Helen Farrington of Botanical Designs relies on these plants for durable container plantings:
FILLER:
Sweet flag (Acorus 'Ogon'). A bright golden ornamental grass.
Golden spikemoss (Selaginella 'Aurea'). Chartreuse, moss-like carpet.
Hellebore 'Ivory Prince.' Compact winter-bloomer with long-lasting green and white flowers.
Strawberry begonia (Saxifraga stolonifera 'Maroon Beauty' and 'Harvest Moon'). Shade-tolerant plants with colorful leaves and runners to drape over the edges of pots or hanging baskets.
Tassel fern (Polystichum polyblepharum). Compact, shiny and evergreen.
Carexes. Foolproof evergreen ornamental grasses that are full of movement.
CENTERPIECES:
Mahonia 'Charity.' Gives a tropical impression, has yellow winter flowers and won't outgrow its space too rapidly.

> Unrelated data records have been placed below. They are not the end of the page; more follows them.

Definition orthocenter X Y W : point R :=
  let u := vsub Y W in let v := vsub W X in
  let r1 := dot X u in let r2 := dot Y v in let D := cross3 X Y W in
  ((r1 * v.2 - u.2 * r2) / D, (u.1 * r2 - r1 * v.1) / D).

Lemma orthocenterP X Y W :
  nondeg_triangle X Y W -> is_orthocenter (orthocenter X Y W) X Y W.
Proof.
case: X Y W => [x1 x2] [y1 y2] [w1 w2].
rewrite /nondeg_triangle /is_orthocenter /orthocenter /cross3 /dot /vsub /= => hD.
by split; field.
Qed.

Lemma orthocenter_unique H X Y W :
  nondeg_triangle X Y W -> is_orthocenter H X Y W -> H = orthocenter X Y W.
Proof.
move=> hD hH; have [e1 e2] := hH; have [f1 f2] := orthocenterP hD.
apply/eqP; rewrite -vsub_eq0; apply/eqP.
apply: (perp_independent (v := vsub Y W) (w := vsub W X)).
- move: hD; rewrite /nondeg_triangle /cross3 /cross /vsub /=.
  by apply: contra_neq => <-; ring.
- by move: e1 f1; rewrite /dot /vsub /= => e1 f1; lra.
- by move: e2 f2; rewrite /dot /vsub /= => e2 f2; lra.
Qed.

Lemma is_orthocenter_inj H H' X Y W : nondeg_triangle X Y W ->
  is_orthocenter H X Y W -> is_orthocenter H' X Y W -> H = H'.
Proof.
by move=> hD hH hH'; rewrite (orthocenter_unique hD hH) (orthocenter_unique hD hH').
Qed.

Lemma is_orthocenter_third H X Y W :
  is_orthocenter H X Y W -> dot (vsub H W) (vsub X Y) = 0.
Proof. by rewrite /is_orthocenter /dot /vsub /= => -[e1 e2]; lra. Qed.

Lemma is_orthocenter_rot H X Y W :
  is_orthocenter H X Y W -> is_orthocenter H Y W X.
Proof. by move=> hH; split; [case: hH | exact: is_orthocenter_third]. Qed.

Lemma is_orthocenter_swap H X Y W :
  is_orthocenter H X Y W -> is_orthocenter H Y X W.
Proof. by rewrite /is_orthocenter /dot /vsub /= => -[e1 e2]; split; lra. Qed.

(* Euler's relation [H = X + Y + W - 2 O]. *)
Definition circumcenter X Y W : point R :=
  let H := orthocenter X Y W in
  ((X.1 + Y.1 + W.1 - H.1) / 2, (X.2 + Y.2 + W.2 - H.2) / 2).

Lemma circumcenter_eqdist X Y W : nondeg_triangle X Y W ->
  sqdist (circumcenter X Y W) Y = sqdist (circumcenter X Y W) X /\
  sqdist (circumcenter X Y W) W = sqdist (circumcenter X Y W) X.
Proof.
have two_neq0 : (2 : R) != 0 by rewrite pnatr_eq0.
case: X Y W => [x1 x2] [y1 y2] [w1 w2].
rewrite /nondeg_triangle /circumcenter /orthocenter /sqdist /cross3 /dot /vsub /= => hD.
by split; field.
Qed.

Lemma on_circumcircle_eqdist X Y W T : nondeg_triangle X Y W ->
  sqdist (circumcenter X Y W) T = sqdist (circumcenter X Y W) X ->
  on_circumcircle X Y W T.
Proof.
move=> hD hT; have [hY hW] := circumcenter_eqdist hD.
by exists (circumcenter X Y W).
Qed.

Lemma on_circumcircle_vertices X Y W : nondeg_triangle X Y W ->
  [/\ on_circumcircle X Y W X, on_circumcircle X Y W Y & on_circumcircle X Y W W].
Proof.
move=> hD; have [hY hW] := circumcenter_eqdist hD.
by split; apply: on_circumcircle_eqdist.
Qed.

Definition conic_val K T : R :=
  ca K * T.1 ^+ 2 + cb K * T.1 * T.2 + cc K * T.2 ^+ 2
  + cd K * T.1 + ce K * T.2 + cf K.

Definition is_center K Z : Prop :=
  2 * ca K * Z.1 + cb K * Z.2 + cd K = 0 /\ cb K * Z.1 + 2 * cc K * Z.2 + ce K = 0.

Definition halfturn Z T : point R := (2 * Z.1 - T.1, 2 * Z.2 - T.2).

(* The traceless quadratic forms at [T - Z]: a rectangular conic centred at [Z]
   is a level set of a linear form in these coordinates. *)
Definition rect_coords Z T : point R :=
  let t := vsub T Z in (t.1 ^+ 2 - t.2 ^+ 2, t.1 * t.2).

Lemma on_conic_halfturn K Z T :
  is_center K Z -> on_conic K T -> on_conic K (halfturn Z T).
Proof.
case=> g1 g2 hT; rewrite /on_conic.
transitivity (conic_val K T + 2 * ((2 * ca K * Z.1 + cb K * Z.2 + cd K) * (Z.1 - T.1)
   + (cb K * Z.1 + 2 * cc K * Z.2 + ce K) * (Z.2 - T.2))).
  by rewrite /conic_val /halfturn /=; ring.
by rewrite [conic_val K T]hT g1 g2 !mul0r addr0 mulr0 addr0.
Qed.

Golden Monterey cypress (Cupressus macrocarpa 'Wilma Goldcrest'). Has lemon-lime foliage and a citrus scent.
Fernspray cypress (Chamaecyparis obtusa 'Filicoides'). Comes in green or gold with an interesting shape ideal for a low, wide bowl-shaped pot.

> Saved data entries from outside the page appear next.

Lemma weak_delta_ceil_half_strong (T : finType) (mu : nat) (F : {set {set T}}) :
  uniform (2 * mu + 1) F -> weak_delta (mu + 1) F -> mu ^ 2 + mu + 3 <= #|F| ->
  strong_delta F.
Proof.
move=> Fu Fw Flarge.
have [A AF] : exists A, A \in F by apply/set0Pn; rewrite -card_gt0; lia.
have kE : 2 * mu + 1 = mu + 1 + mu by lia.
set G := symdiff_family F A.
have Gu : uniform (2 * mu) G := symdiff_family_uniform AF Fu Fw kE.
have Gw : weak_delta mu G := symdiff_family_weak AF Fu Fw kE.
have symdiffG S : S \in F :\ A -> symdiff S A \in G by move=> SFA; apply: imset_f.
have Glarge : mu ^ 2 + mu + 2 <= #|G| by rewrite card_symdiff_family //; lia.
have [cardY YG] := heavy_core Gu Gw Glarge; set Y := heavy mu G in cardY YG.
apply: (strong_delta_of_core AF Fu Fw kE cardY _ YG).
apply/negPn/negP => /subsetPn[y yY yA].
have YA_small : #|Y :&: A| < mu.
  have : 0 < #|Y :\: A| by apply/card_gt0P; exists y; rewrite inE yA.
  by have := cardsID A Y; lia.
have FA_small : #|F :\ A| <= #|A|.
  apply: (card_le_disjoint_family (f := fun S => symdiff S A :\: Y)) => [S | S S'].
    rewrite !inE => /andP[SA SF]; rewrite -card_gt0 setIC setIDA setI_symdiff cardsD.
    have : #|(A :\: S) :&: Y| <= #|Y :&: A|.
      by apply: subset_leq_card; rewrite setIC setIS // subsetDl.
    by rewrite (card_pivot_diff AF Fu Fw kE SF SA); lia.
  move=> SFA S'FA SS'.
  rewrite -setI_eq0 -setDIl (core_meet Gw cardY YG) ?setDv ?symdiffG //.
  by rewrite (inj_eq (@symdiff_inj _ A)).
by move: Flarge FA_small; rewrite (cardsD1 A F) AF (Fu A AF); nia.
Qed.

Lemma weak_delta_floor_half_strong_fresh (T : finType) (mu : nat) (F : {set {set T}}) (z : T) :
  uniform (2 * mu + 1) F -> weak_delta mu F -> (mu + 1) ^ 2 + mu + 3 <= #|F| ->
  {in F, forall S : {set T}, z \notin S} -> strong_delta F.
Proof.
move=> Fu Fw Flarge zF.
have [A AF] : exists A, A \in F by apply/set0Pn; rewrite -card_gt0; lia.
have kE : 2 * mu + 1 = mu + (mu + 1) by lia.
set G := symdiff_family F A; set E := z |: A.
have zG D : D \in G -> z \notin D.
  move=> /imsetP[S]; rewrite !inE => /andP[_ SF] ->.
  by rewrite /symdiff !inE (negbTE (zF S SF)) (negbTE (zF A AF)).
have EG : E \notin G by apply/negP => /zG; rewrite setU11.
have EGu : uniform (2 * (mu + 1)) (E |: G).
  apply: uniform_setU1 (symdiff_family_uniform AF Fu Fw kE) _.
  by rewrite cardsU1 (zF A AF) (Fu A AF); lia.
have EGw : weak_delta (mu + 1) (E |: G).
  apply: weak_delta_setU1 (symdiff_family_weak AF Fu Fw kE) _ => D DG.
  have -> : E :&: D = A :&: D.
    apply/setP => x; rewrite !inE; case: eqVneq => // ->.
    by rewrite (negbTE (zG D DG)) !andbF.
  move: DG => /imsetP[S]; rewrite !inE => /andP[SA SF] ->.
  by rewrite setI_symdiff (card_pivot_diff AF Fu Fw kE SF SA).
have EGlarge : (mu + 1) ^ 2 + (mu + 1) + 2 <= #|E |: G|.
  by rewrite cardsU1 EG card_symdiff_family //; lia.
have [cardY YEG] := heavy_core EGu EGw EGlarge; set Y := heavy _ _ in cardY YEG.
apply: (strong_delta_of_core AF Fu Fw kE cardY) => [| D DG]; last exact/YEG/setU1r.
have [D DG] : exists D, D \in G by apply/set0Pn; rewrite -card_gt0 card_symdiff_family //; lia.
apply/subsetP => y yY; have := subsetP (YEG E (setU11 _ _)) y yY.
rewrite !inE => /predU1P[yz | //]; have := subsetP (YEG D (setU1r _ DG)) y yY.
by rewrite yz (negbTE (zG D DG)).
Qed.

Lemma weak_delta_floor_half_strong (T : finType) (mu : nat) (F : {set {set T}}) :
  uniform (2 * mu + 1) F -> weak_delta mu F -> (mu + 1) ^ 2 + mu + 3 <= #|F| ->
  strong_delta F.
Proof.
have Some_injT : injective (@Some T) by move=> x y [].
move=> Fu Fw Flarge; apply: (strong_delta_image Some_injT).
apply: (weak_delta_floor_half_strong_fresh (mu := mu) (z := None)).
- exact: uniform_image.
- exact: weak_delta_image.
- by rewrite card_image_family.
by move=> _ /imsetP[S _ ->]; apply/imsetP => -[].
Qed.

Theorem lemma7 (T : finType) (mu : nat) (F : {set {set T}}) :
  uniform (2 * mu + 1) F ->
  (weak_delta (mu + 1) F -> mu ^ 2 + mu + 3 <= #|F| -> strong_delta F) /\
  (weak_delta mu F -> (mu + 1) ^ 2 + mu + 3 <= #|F| -> strong_delta F).
Proof.
move=> Fu; split.
  exact: weak_delta_ceil_half_strong.
exact: weak_delta_floor_half_strong.
Qed.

Life is tough for plants in the big city. "It's not only light and exposure, but the public," says Meucci. "They stick gum and cigarette butts in the beds and the pots, and then there's the occasional posy picker." This doesn't deter Meucci from adding more personal touches, like fragrant daphnes near the doorways and roses to climb the cement walls, determined to give the place the homey feel of her old neighborhood.